Senin, 05 November 2012

BAHAYA KEMISKINAN

      Angka-angka statistic dewasa ini telah menunjukkan kepada kita bahwa angka kemiskinan masih relatif tinggi di Indonesia. Keluarga-keluarga miskin masih banyak dijumpai di pedesaan maupun perkotaan dimana mereka terhimpit oleh kesulitan memenuhi kenutuhan hidup sehari-hari maupun kebutuhan pendidikan dan lapangan pekerjaan bagi anak-anaknya. Dilihat dari pola kehidupan mereka yang sehari-harinya diliputi kesusahan maka berbagai akibat negatif dapat timbul dari kehidupan seperti itu terutama yang berdampak bagi anak-anak mereka.
      Diantara dampak negatif tersebut adalah timbulnya tekanan psikologis bahkan handicap seperti ; rasa minder dan malu, kurang pendidikan, gelisah, kebodohan dan kesempitan cara pandang. Bagi mereka anak-anak tidak mampu tentulah banyak sekali keinginan-keinginan yang tidak terpenuhi akibat kemiskinan orang tua. Akibatnya mereka selalu menyimpan bahkan kadang disertai amarah keinginan-keinginan itu di dalam hatinya dan ini tentu menimbulkan keburukan-keburukan dikemudian hari. Selain itu anak menjadi takut menginginkan sesuatu karena mungkin takut dengan tekanan orang tua sehingga si anak menjadi terbatas aktifitas, kreatifitas, bahkan dapat menghambat imajinasinya. Bisa jadi karena hal demikian itu maka anak melampiaskannya dengan melakukan hal-hal yang tidak wajar sehingga akan makin memperparah kepribadian maupun kecerdasan anak. Hal inilah yang kurang kita sadari bersama.
      Yang kedua adalah kelemahan fisik. Anak-anak miskin sangat kurang asupan gizi dalam tubuhnya sehingga menjadi lemah kerja sistem organ tubuhnya. Keadaan ini tentu saja tidak menopang kebutuhan aktifitas-aktifitas kerjanya di kemudian hari. Anak menjadi lemah menghadapi stres, mudah sakit, dan di kemudian hari akan mempengaruhi tingkat produktifitasnya.
      Dari yang telah dijelaskan di atas maka tidak heran sering kita jumpai orang-orang miskin yang sulit keluar dari keadaannya bahkan sampai keturunannya karena telah terkondisikan seperti tersebut di atas semenjak masa kecilnya. Hal ini memang menjadi lingkaran setan yang mesti dicari solusi pemecahannya. Untuk itu perlu ditempuh cara-cara seperti ;

1. Menghilangkan kemiskinan terstruktur. Yaitu kemiskinan yang seolah dilanggengkan oleh hubungan antara penguasa, orang kaya dan orang miskin dimana mereka mempunyai kepentingan yang berbeda untuk kelangsungan kekuasaannya dan kehidupannya. Dalam hal ini tentu saja posisi orang miskin akan terpinggirkan. Ditambah lagi dengan tekanan berbagai rupa seperti eksploitasi nasib orang miskin, dimakan hartanya / dikorupsi dan dirampas hak-haknya. Keadaan seperti ini tidak boleh dibiarkan terus menerus.

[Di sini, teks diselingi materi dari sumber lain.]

(* Let $R=\bigoplus_{s\in S}R_s$ be an $S$-graded ring inducing $S$ with $S$ cancellative. If $R$ is graded von Neumann regular, then the ring $R_e$ is von Neumann regular for every idempotent $e\in S$.
   Context: Rings are associative, not necessarily unital. $S$-graded ring inducing $S$: $S$ a partial groupoid, $R=\bigoplus_{s\in S}R_s$ with additive subgroups $R_s$, $R_sR_t\subseteq R_{st}$ when $st$ is defined, and $R_sR_t\neq0$ implies $st$ is defined. Convention: $0\in S$, $R_0=0$, $S\setminus\{0\}=\{s:R_s\ne0\}$, undefined products in $S$ set to $0$, $0$ absorbing. Homogeneous elements: $H_R=\bigcup_s R_s$. $S$ is cancellative if $0\ne su=tu$ or $0\ne us=ut$ implies $s=t$. $R$ is graded von Neumann regular if $x\in xRx$ for all $x\in H_R$. For an idempotent $e$ of $S$, $R_e$ is a subring. *)

From mathcomp Require Import all_boot all_algebra.
Set Implicit Arguments. Unset Strict Implicit. Unset Printing Implicit Defensive.
Import GRing.Theory.
Local Open Scope ring_scope.

(* An associative, not necessarily unital ring: an additive abelian group
   (zmodType) with an associative, biadditive multiplication [mul].
   (We do NOT use MathComp's ring structures, which are unital.) *)
Definition nonunital_ring (R : zmodType) (mul : R -> R -> R) : Prop :=
  [/\ (forall x y z, mul x (mul y z) = mul (mul x y) z),
      (forall x y z, mul x (y + z) = mul x y + mul x z)
    & (forall x y z, mul (x + y) z = mul x z + mul y z)].

(* A partial groupoid S: a set with a partial binary operation
   [op : S -> S -> option S]; [None] means "undefined", i.e. the adjoined
   absorbing element 0 of the paper's convention. *)

Definition additive_subgroup (R : zmodType) (A : R -> Prop) : Prop :=
  A 0 /\ (forall x y, A x -> A y -> A (x - y)).

(* R = (+)_{s in S} R_s as abelian groups: every element is a finite sum of
   homogeneous elements of pairwise distinct degrees, and such a
   decomposition of 0 is trivial. *)
Definition direct_sum_decomposition (R : zmodType) (S : Type)
    (Rs : S -> R -> Prop) : Prop :=
  (forall s, additive_subgroup (Rs s)) /\
  (forall x : R, exists (n : nat) (g : 'I_n -> S) (f : 'I_n -> R),
      injective g /\ (forall i, Rs (g i) (f i)) /\ x = \sum_(i < n) f i) /\
  (forall (n : nat) (g : 'I_n -> S) (f : 'I_n -> R),
      injective g -> (forall i, Rs (g i) (f i)) ->
      \sum_(i < n) f i = 0 -> forall i, f i = 0).

Definition graded_ring_inducing (R : zmodType) (mul : R -> R -> R)
    (S : Type) (op : S -> S -> option S) (Rs : S -> R -> Prop) : Prop :=
  [/\ nonunital_ring mul,
      direct_sum_decomposition Rs,
      (forall s t u x y, op s t = Some u -> Rs s x -> Rs t y -> Rs u (mul x y)),
      (forall s t x y, Rs s x -> Rs t y -> mul x y <> 0 -> op s t <> None)
    & (* S \ {0} = { s | R_s <> 0 } : every (nonzero) s in S has R_s <> 0 *)
      (forall s, exists x, Rs s x /\ x <> 0)].

Definition cancellative (S : Type) (op : S -> S -> option S) : Prop :=
  (forall s t u w, op s u = Some w -> op t u = Some w -> s = t) /\
  (forall s t u w, op u s = Some w -> op u t = Some w -> s = t).

Definition graded_vnr (R : zmodType) (mul : R -> R -> R)
    (S : Type) (Rs : S -> R -> Prop) : Prop :=
  forall s x, Rs s x -> exists y : R, x = mul (mul x y) x.

Definition vnr_subring (R : zmodType) (mul : R -> R -> R) (A : R -> Prop) : Prop :=
  forall x, A x -> exists y, A y /\ x = mul (mul x y) x.

From mathcomp Require Import all_boot all_algebra.
From mathcomp Require Import boolp.
Set Implicit Arguments. Unset Strict Implicit. Unset Printing Implicit Defensive.
Import GRing.Theory.
Local Open Scope ring_scope.

(* Let x ∈ R_e and x = xyx. Splitting y into homogeneous components y_s, the
   term x y_s x lies in R_{ese} (or vanishes), and by cancellativity ese = e forces s = e.
   Comparing the e-components of both sides of x = Σ_s x y_s x therefore
   gives x = x y_e x, with y_e ∈ R_e. *)

Lemma additive_subgroup_sum (V : zmodType) (A : V -> Prop) (I : Type)
    (r : seq I) (P : pred I) (F : I -> V) :
  additive_subgroup A -> (forall i, P i -> A (F i)) -> A (\sum_(i <- r | P i) F i).
Proof.
move=> [A0 AB] AF; apply: (big_ind A) => // x y Ax Ay.
by have := AB x (0 - y) Ax (AB _ _ A0 Ay); rewrite sub0r opprK.
Qed.

Lemma big_pred1_uniq (V : zmodType) (T : eqType) (r : seq T) (x : T) (F : T -> V) :
  uniq r -> x \in r -> \sum_(s <- r | x == s) F s = F x.
Proof.
move=> r_uniq xr; rewrite -big_filter (eq_filter (a2 := pred1 x)); last first.
  by move=> s; rewrite /= eq_sym.
by rewrite filter_pred1_uniq // big_seq1.
Qed.

Section NonunitalRing.

Variables (R : zmodType) (mul : R -> R -> R).
Hypothesis mulR : nonunital_ring mul.

Lemma mul_0l a : mul 0 a = 0.
Proof.
have [_ _ mulDl] := mulR; apply: (addrI (mul 0 a)).
by rewrite -mulDl !addr0.
Qed.

Lemma mul_0r a : mul a 0 = 0.
Proof.
have [_ mulDr _] := mulR; apply: (addrI (mul a 0)).
by rewrite -mulDr !addr0.
Qed.

Lemma mul_suml b (I : Type) (r : seq I) (P : pred I) (F : I -> R) :
  mul (\sum_(i <- r | P i) F i) b = \sum_(i <- r | P i) mul (F i) b.
Proof.
have [_ _ mulDl] := mulR.
exact: (big_morph (mul^~ b) (fun x y => mulDl x y b) (mul_0l b)).
Qed.

Lemma mul_sumr a (I : Type) (r : seq I) (P : pred I) (F : I -> R) :
  mul a (\sum_(i <- r | P i) F i) = \sum_(i <- r | P i) mul a (F i).
Proof.
have [_ mulDr _] := mulR.
exact: (big_morph (mul a) (mulDr a) (mul_0r a)).
Qed.

End NonunitalRing.

Section DirectSum.

Variables (R : zmodType) (S : eqType) (Rs : S -> R -> Prop).
Hypothesis RsD : direct_sum_decomposition Rs.

Lemma direct_sum_seq_eq0 (ds : seq S) (F : S -> R) :
  uniq ds -> (forall s, s \in ds -> Rs s (F s)) -> \sum_(s <- ds) F s = 0 ->
  {in ds, forall s, F s = 0}.
Proof.
move=> ds_uniq RsF sumF0 s sds.
have [_ [_ RsD_eq0]] := RsD.
pose g (j : 'I_(size ds)) := nth s ds j.
have g_inj : injective g.
  by move=> j k /eqP; rewrite nth_uniq // => /eqP /val_inj.
have RsFg j : Rs (g j) (F (g j)) by apply/RsF/mem_nth.
have s_idx : (index s ds < size ds)%N by rewrite index_mem.
have := RsD_eq0 _ g (F \o g) g_inj RsFg _ (Ordinal s_idx).
rewrite /= /g nth_index //; apply.
by rewrite -(big_mkord xpredT (F \o nth s ds)) -(big_nth s xpredT F).
Qed.

Lemma homogeneous_component_sum n (d : 'I_n -> S) (h : 'I_n -> R) e c :
  (forall i, Rs (d i) (h i)) -> Rs e c -> \sum_i h i = c ->
  \sum_(i | d i == e) h i = c.
Proof.
move=> Rsh Rsc sum_h.
pose ds := undup (e :: [seq d i | i <- enum 'I_n]).
have ds_uniq : uniq ds := undup_uniq _.
have e_ds : e \in ds by rewrite mem_undup mem_head.
have d_ds i : d i \in ds by rewrite mem_undup in_cons map_f ?orbT ?mem_enum.
pose F s := \sum_(i | d i == s) h i - (if e == s then c else 0).
have RsF s : s \in ds -> Rs s (F s).
  move=> _; apply: (RsD.1 s).2.
    by apply: additive_subgroup_sum => [|i /eqP <-]; [exact: RsD.1|exact: Rsh].
  by case: eqP => [<-|_] //; exact: (RsD.1 _).1.
have sumF0 : \sum_(s <- ds) F s = 0.
  rewrite sumrB -big_mkcond big_pred1_uniq // -sum_h.
  under eq_bigr do rewrite big_mkcond.
  rewrite exchange_big /=.
  under eq_bigr do rewrite -big_mkcond big_pred1_uniq //.
  by rewrite subrr.
have /eqP := direct_sum_seq_eq0 ds_uniq RsF sumF0 e_ds.
by rewrite /F eqxx subr_eq0 => /eqP.
Qed.

End DirectSum.

Section GradedRing.

Variables (R : zmodType) (mul : R -> R -> R) (S : Type).
Variables (op : S -> S -> option S) (Rs : S -> R -> Prop).
Hypotheses (RS : graded_ring_inducing mul op Rs) (S_cancel : cancellative op).

Lemma mul_undefined_eq0 s t x y :
  op s t = None -> Rs s x -> Rs t y -> mul x y = 0.
Proof.
have [_ _ _ mul_defined _] := RS.
move=> st_undef Rsx Rty; apply/eqP/contraT => /eqP xy_neq0.
by case: (mul_defined _ _ _ _ Rsx Rty xy_neq0).
Qed.

Lemma sandwich_homogeneous e s x z :
  op e e = Some e -> Rs e x -> Rs s z ->
  exists w, Rs w (mul (mul x z) x) /\ (w = e <-> s = e).
Proof.
have [mulR RsD mulRs _ _] := RS; have [cancel_l cancel_r] := S_cancel.
have Rs0 : Rs s 0 := (RsD.1 s).1.
move=> ee Rex Rsz; case es: (op e s) => [u|]; last first.
  by exists s; split; rewrite // (mul_undefined_eq0 es Rex Rsz) mul_0l.
have Rxz : Rs u (mul x z) := mulRs _ _ _ _ _ es Rex Rsz.
case ue: (op u e) => [w|]; last first.
  by exists s; split; rewrite // (mul_undefined_eq0 ue Rxz Rex).
exists w; split; first exact: mulRs _ _ _ _ _ ue Rxz Rex.
split=> [we | se].
- rewrite we in ue; have u_e := cancel_l _ _ _ _ ue ee.
  by rewrite u_e in es; exact: cancel_r _ _ _ _ es ee.
- by move: es ue; rewrite se ee => -[<-]; rewrite ee => -[->].
Qed.

End GradedRing.

Theorem lemma4p3 (R : zmodType) (mul : R -> R -> R) (S : Type)
    (op : S -> S -> option S) (Rs : S -> R -> Prop) :
  graded_ring_inducing mul op Rs ->
  cancellative op ->
  graded_vnr mul Rs ->
  forall e : S, op e e = Some e -> vnr_subring mul (Rs e).
Proof.
move=> RS S_cancel vnr e ee x Rex.
have [mulR RsD _ _ _] := RS.
have [y xyx] := vnr e x Rex.
have [n [g [f [_ [Rgf y_sum]]]]] := RsD.2.1 y.
have [w Rw] := choice (fun i => sandwich_homogeneous RS S_cancel ee Rex (Rgf i)).
exists (\sum_(i | g i == e :> {classic S}) f i); split.
  by apply: additive_subgroup_sum => [|i /eqP <-]; [exact: (RsD.1 e)|exact: Rgf].
have x_sum : \sum_i mul (mul x (f i)) x = x.
  by rewrite [RHS]xyx y_sum (mul_sumr mulR) (mul_suml mulR).
rewrite (mul_sumr mulR) (mul_suml mulR).
have e_comp :=
  homogeneous_component_sum (S := {classic S}) RsD (fun i => (Rw i).1) Rex x_sum.
rewrite -[LHS]e_comp; apply: eq_bigl => i.
by apply/eqP/eqP => /(Rw i).2.
Qed.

2. Menciptakan sistem yang adil. Sudah sepantasnya bagi pemerintah untuk terus menerus memperbaiki sistem perekonomian sehingga memungkinkan bagi si kaya mau menyerahkan zakat untuk didistribusikan kepada si miskin. Bagi pejabat pemerintah dilarang menggunakan keuangan yang bersumber dari rakyat untuk kepentingan pribadi serta harus diupayakan pemberantasan korupsi secara tuntas.

      Meskipun dalam faktanya kemiskinan sulit untuk dihapus, tetapi paling tidak pemerintah mau terus menerus memikirkan nasib dan kebutuhan mereka. Hal ini perlu dibarengi tindakan nyata dan kesadaran bahwa memperbaiki nasib kaum miskin berarti memperbaiki kualitas bangsa secara keseluruhan.